(* Let $N,\mu,\beta,\sigma,\gamma,p>0$ and $0<\rho<1$ and consider the system $$S'=\mu N-\tfrac{\beta(1-\rho)}{N}SI-\tfrac{p}{N}S-\mu S,\qquad E'=\tfrac{\beta(1-\rho)}{N}SI-(\sigma+\mu)E,\qquad I'=\sigma E-(\gamma+\mu)I$$ on $\Omega=\{(S,E,I)\in\mathbb{R}_+^3: S+E+I\le N\}$. Let $\mathcal{R}_0=\dfrac{\mu N\sigma\beta(1-\rho)}{(\sigma+\mu)(\gamma+\mu)(p+\mu N)}$. If $\mathcal{R}_0>1$, then the disease-free equilibrium $\left(\frac{\mu N^2}{p+\mu N},0,0\right)$ is not an $\omega$-limit point of any orbit starting in the interior of $\Omega$.
   Context: $(S,E,I)$-subsystem of an SEIR model with vaccination rate $p$ and birth/death rate $\mu$. The $\omega$-limit set of a solution $x(\cdot)$ is $\{y:\exists t_n\to+\infty,\ x(t_n)\to y\}$. *)

From Stdlib Require Import Reals.
From Coquelicot Require Import Coquelicot.
Open Scope R_scope.

Definition is_SEI_solution (N mu beta sigma gamma p rho : R)
  (S E I : R -> R) : Prop :=
  filterlim S (at_right 0) (locally (S 0)) /\
  filterlim E (at_right 0) (locally (E 0)) /\
  filterlim I (at_right 0) (locally (I 0)) /\
  forall t, 0 < t ->
    is_derive S t (mu * N - beta * (1 - rho) / N * S t * I t - p / N * S t - mu * S t) /\
    is_derive E t (beta * (1 - rho) / N * S t * I t - (sigma + mu) * E t) /\
    is_derive I t (sigma * E t - (gamma + mu) * I t).

Definition in_interior_Omega (N S E I : R) : Prop :=
  0 < S /\ 0 < E /\ 0 < I /\ S + E + I < N.

Definition omega_limit_point (S E I : R -> R) (y1 y2 y3 : R) : Prop :=
  exists tn : nat -> R,
    is_lim_seq tn p_infty /\
    is_lim_seq (fun n => S (tn n)) y1 /\
    is_lim_seq (fun n => E (tn n)) y2 /\
    is_lim_seq (fun n => I (tn n)) y3.

Definition basic_repro_number (N mu beta sigma gamma p rho : R) : R :=
  mu * N * sigma * beta * (1 - rho) / ((sigma + mu) * (gamma + mu) * (p + mu * N)).

(* Write a := beta (1 - rho) / N, k := p / N + mu and
   c := (sigma + mu) (gamma + mu) / (sigma a).  The infected mass
   V := sigma E + (sigma + mu) I satisfies V' = sigma a I (S - c), and R0 = (mu N / k) / c,
   where mu N / k = mu N^2 / (p + mu N) is the disease-free value of S; so R0 > 1 means
   that c lies strictly below it.  Solutions starting in the interior stay positive, hence
   V' >= -(gamma + mu) V: V decays at most exponentially.  If V(t) were very small, take
   the last time tau <= t with S(tau) <= c.  V does not decrease on [tau, t], so V, and
   with it I, was already small on a window of length T before tau; but while I <= dl,
   S' >= mu N - (a dl + k) S pushes S above c within time T, contradicting S(tau) <= c.
   Thus V stays above some eps > 0 along the orbit, whereas it would tend to 0 along any
   sequence of times converging to a point with E = I = 0. *)

From Stdlib Require Import Reals Lra Classical.
From Coquelicot Require Import Coquelicot.
Open Scope R_scope.

Definition right_continuous (f : R -> R) (a : R) : Prop :=
  filterlim f (at_right a) (locally (f a)).

Lemma continuous_right_continuous (f : R -> R) a :
  continuous f a -> right_continuous f a.
Proof.
  intro Hf. eapply filterlim_filter_le_1; [apply filter_le_within | exact Hf].
Qed.

Lemma derive_continuous (f : R -> R) x l : is_derive f x l -> continuous f x.
Proof. intro Hf. apply (ex_derive_continuous f). exists l; exact Hf. Qed.

Lemma derive_right_continuous (f : R -> R) a l :
  is_derive f a l -> right_continuous f a.
Proof. intro Hf. apply continuous_right_continuous, (derive_continuous f a l Hf). Qed.

Lemma right_continuous_plus (f g : R -> R) a :
  right_continuous f a -> right_continuous g a ->
  right_continuous (fun t => f t + g t) a.
Proof.
  intros Hf Hg. eapply filterlim_comp_2; [exact Hf | exact Hg |].
  apply (filterlim_plus (V := R_NormedModule)).
Qed.

Lemma right_continuous_mult (f g : R -> R) a :
  right_continuous f a -> right_continuous g a ->
  right_continuous (fun t => f t * g t) a.
Proof.
  intros Hf Hg. eapply filterlim_comp_2; [exact Hf | exact Hg |].
  apply (filterlim_mult (K := R_AbsRing)).
Qed.

Lemma right_continuous_const c a : right_continuous (fun _ => c) a.
Proof. apply filterlim_const. Qed.

Lemma at_right_interval a (P : R -> Prop) :
  at_right a P -> exists d, 0 < d /\ forall u, a < u < a + d -> P u.
Proof.
  intros [d Hd]. exists d. split; [apply cond_pos |].
  intros u Hu. apply Hd; [| lra].
  change (Rabs (u - a) < d). rewrite Rabs_right; lra.
Qed.

Lemma le_of_derive_nonneg (f df : R -> R) a b :
  a <= b -> right_continuous f a ->
  (forall x, a < x <= b -> is_derive f x (df x)) ->
  (forall x, a < x <= b -> 0 <= df x) ->
  f a <= f b.
Proof.
  intros Hab Hrc Hd Hpos.
  assert (Hinner : forall x, a < x < b -> f x <= f b).
  { intros x Hx.
    destruct (MVT_gen f x b df) as [y [Hy Heq]];
      rewrite ?Rmin_left, ?Rmax_right in * by lra.
    - intros y Hy. apply Hd; lra.
    - intros y Hy. apply continuity_pt_filterlim, (derive_continuous f y (df y)), Hd.
      lra.
    - pose proof (Hpos y ltac:(lra)). nra. }
  destruct (Rle_lt_dec (f a) (f b)) as [| Hlt]; [assumption | exfalso].
  destruct (Req_dec a b) as [<- | Hne]; [lra |].
  destruct (at_right_interval a _ (Hrc _ (open_gt (f b) (f a) Hlt)))
    as [d [Hd0 Hnear]].
  pose proof (Rmin_l d (b - a)). pose proof (Rmin_r d (b - a)).
  pose proof (Rmin_pos d (b - a) Hd0 ltac:(lra)).
  set (u := a + Rmin d (b - a) / 2).
  pose proof (Hnear u ltac:(unfold u; lra)).
  pose proof (Hinner u ltac:(unfold u; lra)).
  lra.
Qed.

Lemma linear_diff_ineq (f df : R -> R) k L a b :
  a <= b -> right_continuous f a ->
  (forall x, a < x <= b -> is_derive f x (df x)) ->
  (forall x, a < x <= b -> 0 <= df x + k * (f x - L)) ->
  f a - L <= (f b - L) * exp (k * (b - a)).
Proof.
  intros Hab Hrc Hd Hineq.
  assert (Hexp : forall x, is_derive (fun t => exp (k * t)) x (k * exp (k * x))).
  { intro x. auto_derive; [exact I | ring]. }
  assert (Hmono : (f a - L) * exp (k * a) <= (f b - L) * exp (k * b)).
  { apply (le_of_derive_nonneg (fun t => (f t - L) * exp (k * t))
             (fun x => (df x + k * (f x - L)) * exp (k * x))); [assumption | | |].
    - apply right_continuous_mult.
      + apply right_continuous_plus; [assumption | apply right_continuous_const].
      + exact (derive_right_continuous _ a _ (Hexp a)).
    - intros x Hx.
      assert (Hf : is_derive (fun t => f t - L) x (df x - 0)).
      { apply (is_derive_minus (V := R_NormedModule) f (fun _ => L)); [apply Hd; lra |].
        apply (is_derive_const (K := R_AbsRing) (V := R_NormedModule)). }
      replace ((df x + k * (f x - L)) * exp (k * x))
        with ((df x - 0) * exp (k * x) + (f x - L) * (k * exp (k * x))) by ring.
      exact (is_derive_mult _ _ x _ _ Hf (Hexp x) Rmult_comm).
    - intros x Hx. apply Rmult_le_pos; [apply Hineq; lra | apply Rlt_le, exp_pos]. }
  replace (k * b) with (k * a + k * (b - a)) in Hmono by ring.
  rewrite exp_plus in Hmono.
  apply (Rmult_le_reg_r (exp (k * a))); [apply exp_pos | lra].
Qed.

Lemma pos_of_linear_diff_ineq (f df : R -> R) k a b :
  a <= b -> right_continuous f a ->
  (forall x, a < x <= b -> is_derive f x (df x)) ->
  (forall x, a < x <= b -> 0 <= df x + k * f x) ->
  0 < f a -> 0 < f b.
Proof.
  intros Hab Hrc Hd Hineq Ha.
  assert (H : f a - 0 <= (f b - 0) * exp (k * (b - a))).
  { apply (linear_diff_ineq f df); try assumption.
    intros x Hx. rewrite Rminus_0_r. auto. }
  pose proof (exp_pos (k * (b - a))). nra.
Qed.

Lemma derive_pos_left_lt (f : R -> R) a m l :
  a < m -> is_derive f m l -> 0 < l -> exists u, a < u < m /\ f u < f m.
Proof.
  intros Ham Hd Hl. apply is_derive_Reals in Hd.
  destruct (Hd (l / 2)) as [d Hdd]; [lra |].
  pose proof (cond_pos d).
  pose proof (Rmin_l d (m - a)). pose proof (Rmin_r d (m - a)).
  pose proof (Rmin_pos d (m - a) ltac:(lra) ltac:(lra)).
  set (h := - (Rmin d (m - a) / 2)).
  specialize (Hdd h ltac:(unfold h; lra)).
  rewrite Rabs_left in Hdd by (unfold h; lra).
  specialize (Hdd ltac:(unfold h; lra)).
  apply Rabs_def2 in Hdd.
  exists (m + h). split; [unfold h; lra |].
  set (q := (f (m + h) - f m) / h) in Hdd.
  replace (f (m + h)) with (f m + q * h) by (unfold q; field; unfold h; lra).
  assert (h < 0) by (unfold h; lra). nra.
Qed.

Lemma nonneg_of_pos_left (f : R -> R) a m :
  a < m -> continuous f m -> (forall u, a < u < m -> 0 < f u) -> 0 <= f m.
Proof.
  intros Ham Hf Hpos. apply Rnot_lt_le. intro Hneg.
  destruct (Hf _ (open_lt 0 (f m) Hneg)) as [d Hd].
  pose proof (cond_pos d).
  pose proof (Rmin_l d (m - a)). pose proof (Rmin_r d (m - a)).
  pose proof (Rmin_pos d (m - a) ltac:(lra) ltac:(lra)).
  set (u := m - Rmin d (m - a) / 2).
  assert (f u < 0).
  { apply Hd. change (Rabs (u - m) < d). unfold u. rewrite Rabs_left; lra. }
  assert (0 < f u) by (apply Hpos; unfold u; lra).
  lra.
Qed.

Lemma real_induction (P : R -> Prop) a :
  (forall m, a <= m -> (forall u, a <= u < m -> P u) -> P m) ->
  (forall m, a <= m -> P m -> at_right m P) ->
  forall t, a <= t -> P t.
Proof.
  intros Hstep Hright t Ht.
  set (A := fun s => a <= s <= t /\ forall u, a <= u <= s -> P u).
  assert (HAa : A a).
  { split; [lra |]. intros u Hu. replace u with a by lra.
    apply Hstep; [lra | intros; lra]. }
  destruct (completeness A) as [m [Hub Hlub]].
  { exists t. intros s Hs. apply Hs. }
  { exists a. exact HAa. }
  assert (Ham : a <= m) by (apply Hub, HAa).
  assert (Hmt : m <= t) by (apply Hlub; intros s Hs; apply Hs).
  assert (Hbelow : forall u, a <= u < m -> P u).
  { intros u Hu. apply NNPP. intro HPu.
    assert (m <= u); [| lra].
    apply Hlub. intros s [Hs Hall]. apply Rnot_lt_le. intro Hus.
    apply HPu, Hall. lra. }
  assert (HPm : P m) by (apply Hstep; assumption).
  destruct (Req_dec m t) as [<- | Hne]; [assumption | exfalso].
  destruct (at_right_interval m P (Hright m Ham HPm)) as [d [Hd Hnear]].
  set (s := Rmin (m + d / 2) t).
  assert (s <= m + d / 2) by apply Rmin_l.
  assert (s <= t) by apply Rmin_r.
  assert (Hms : m < s) by (apply Rmin_glb_lt; lra).
  assert (A s).
  { split; [lra |]. intros u Hu.
    destruct (Rtotal_order u m) as [Hum | [-> | Hum]];
      [apply Hbelow; lra | assumption | apply Hnear; lra]. }
  assert (s <= m) by (apply Hub; assumption).
  lra.
Qed.

Lemma last_nonpos_time (h : R -> R) a t :
  (forall x, a < x <= t -> continuous h x) ->
  (exists s, a <= s <= t /\ h s <= 0) ->
  exists tau, a <= tau <= t /\ h tau <= 0 /\ forall u, tau < u <= t -> 0 < h u.
Proof.
  intros Hc [s0 [Hs0 Hhs0]].
  set (B := fun s => a <= s <= t /\ h s <= 0).
  destruct (completeness B) as [m [Hub Hlub]].
  { exists t. intros s Hs. apply Hs. }
  { exists s0. split; assumption. }
  assert (Hs0m : s0 <= m) by (apply Hub; split; assumption).
  assert (Hmt : m <= t) by (apply Hlub; intros s Hs; apply Hs).
  exists m. split; [lra |]. split.
  - apply Rnot_lt_le. intro Hpos.
    destruct (Req_dec m a) as [Hma | Hma].
    { assert (s0 = m) by lra. subst. lra. }
    destruct (Hc m ltac:(lra) _ (open_gt 0 (h m) Hpos)) as [d Hd].
    pose proof (cond_pos d).
    assert (m <= m - d / 2); [| lra].
    apply Hlub. intros s [Hs Hhs]. apply Rnot_lt_le. intro Hlt.
    assert (s <= m) by (apply Hub; split; assumption).
    assert (0 < h s); [| lra].
    apply Hd. change (Rabs (s - m) < d). rewrite Rabs_left1; lra.
  - intros u Hu. apply Rnot_le_lt. intro Hle.
    assert (u <= m) by (apply Hub; split; [lra | assumption]).
    lra.
Qed.

Lemma right_continuous_of_derive_pos (f : R -> R) :
  right_continuous f 0 -> (forall t, 0 < t -> exists l, is_derive f t l) ->
  forall t, 0 <= t -> right_continuous f t.
Proof.
  intros H0 Hd t Ht.
  destruct (Req_dec t 0) as [-> | Ht0]; [assumption |].
  destruct (Hd t ltac:(lra)) as [l Hl].
  exact (derive_right_continuous f t l Hl).
Qed.

Section SEI_system.

Variables N mu beta sigma gamma p rho : R.
Hypotheses (hN : 0 < N) (hmu : 0 < mu) (hbeta : 0 < beta) (hsigma : 0 < sigma)
  (hgamma : 0 < gamma) (hp : 0 < p) (hrho1 : rho < 1).
Variables S E I : R -> R.
Hypothesis hsol : is_SEI_solution N mu beta sigma gamma p rho S E I.

Let a := beta * (1 - rho) / N.
Let k := p / N + mu.
Let b := (sigma + mu) * (gamma + mu).
Let c := b / (sigma * a).

Lemma a_pos : 0 < a.
Proof. unfold a. apply Rdiv_lt_0_compat; [apply Rmult_lt_0_compat |]; lra. Qed.

Lemma k_pos : 0 < k.
Proof. unfold k. assert (0 < p / N) by (apply Rdiv_lt_0_compat; lra). lra. Qed.

Lemma c_spec : sigma * a * c = b.
Proof. unfold c. pose proof a_pos. field. split; lra. Qed.

Lemma c_pos : 0 < c.
Proof.
  unfold c, b. pose proof a_pos.
  apply Rdiv_lt_0_compat; apply Rmult_lt_0_compat; lra.
Qed.

Lemma basic_repro_number_eq :
  basic_repro_number N mu beta sigma gamma p rho = mu * N / k / c.
Proof.
  unfold basic_repro_number, c, b, a, k.
  field. repeat split; nra.
Qed.

Lemma S_derive t : 0 < t ->
  is_derive S t (mu * N - a * S t * I t - p / N * S t - mu * S t).
Proof. intro Ht. apply (proj2 (proj2 (proj2 hsol)) t Ht). Qed.

Lemma E_derive t : 0 < t -> is_derive E t (a * S t * I t - (sigma + mu) * E t).
Proof. intro Ht. apply (proj2 (proj2 (proj2 hsol)) t Ht). Qed.

Lemma I_derive t : 0 < t -> is_derive I t (sigma * E t - (gamma + mu) * I t).
Proof. intro Ht. apply (proj2 (proj2 (proj2 hsol)) t Ht). Qed.

Lemma S_right_continuous t : 0 <= t -> right_continuous S t.
Proof.
  apply right_continuous_of_derive_pos; [apply hsol |].
  intros u Hu. eexists. apply S_derive, Hu.
Qed.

Task prompt
Please restate, word for word, the lines of the entries that run from the first line through the one holding "V := sigma E", and add nothing.

Answer section
(* Let $N,\mu,\beta,\sigma,\gamma,p>0$ and $0<\rho<1$ and consider the system $$S'=\mu N-\tfrac{\beta(1-\rho)}{N}SI-\tfrac{p}{N}S-\mu S,\qquad E'=\tfrac{\beta(1-\rho)}{N}SI-(\sigma+\mu)E,\qquad I'=\sigma E-(\gamma+\mu)I$$ on $\Omega=\{(S,E,I)\in\mathbb{R}_+^3: S+E+I\le N\}$. Let $\mathcal{R}_0=\dfrac{\mu N\sigma\beta(1-\rho)}{(\sigma+\mu)(\gamma+\mu)(p+\mu N)}$. If $\mathcal{R}_0>1$, then the disease-free equilibrium $\left(\frac{\mu N^2}{p+\mu N},0,0\right)$ is not an $\omega$-limit point of any orbit starting in the interior of $\Omega$.
   Context: $(S,E,I)$-subsystem of an SEIR model with vaccination rate $p$ and birth/death rate $\mu$. The $\omega$-limit set of a solution $x(\cdot)$ is $\{y:\exists t_n\to+\infty,\ x(t_n)\to y\}$. *)

From Stdlib Require Import Reals.
From Coquelicot Require Import Coquelicot.
Open Scope R_scope.

Definition is_SEI_solution (N mu beta sigma gamma p rho : R)
  (S E I : R -> R) : Prop :=
  filterlim S (at_right 0) (locally (S 0)) /\
  filterlim E (at_right 0) (locally (E 0)) /\
  filterlim I (at_right 0) (locally (I 0)) /\
  forall t, 0 < t ->
    is_derive S t (mu * N - beta * (1 - rho) / N * S t * I t - p / N * S t - mu * S t) /\
    is_derive E t (beta * (1 - rho) / N * S t * I t - (sigma + mu) * E t) /\
    is_derive I t (sigma * E t - (gamma + mu) * I t).

Definition in_interior_Omega (N S E I : R) : Prop :=
  0 < S /\ 0 < E /\ 0 < I /\ S + E + I < N.

Definition omega_limit_point (S E I : R -> R) (y1 y2 y3 : R) : Prop :=
  exists tn : nat -> R,
    is_lim_seq tn p_infty /\
    is_lim_seq (fun n => S (tn n)) y1 /\
    is_lim_seq (fun n => E (tn n)) y2 /\
    is_lim_seq (fun n => I (tn n)) y3.

Definition basic_repro_number (N mu beta sigma gamma p rho : R) : R :=
  mu * N * sigma * beta * (1 - rho) / ((sigma + mu) * (gamma + mu) * (p + mu * N)).

(* Write a := beta (1 - rho) / N, k := p / N + mu and
   c := (sigma + mu) (gamma + mu) / (sigma a).  The infected mass
   V := sigma E + (sigma + mu) I satisfies V' = sigma a I (S - c), and R0 = (mu N / k) / c,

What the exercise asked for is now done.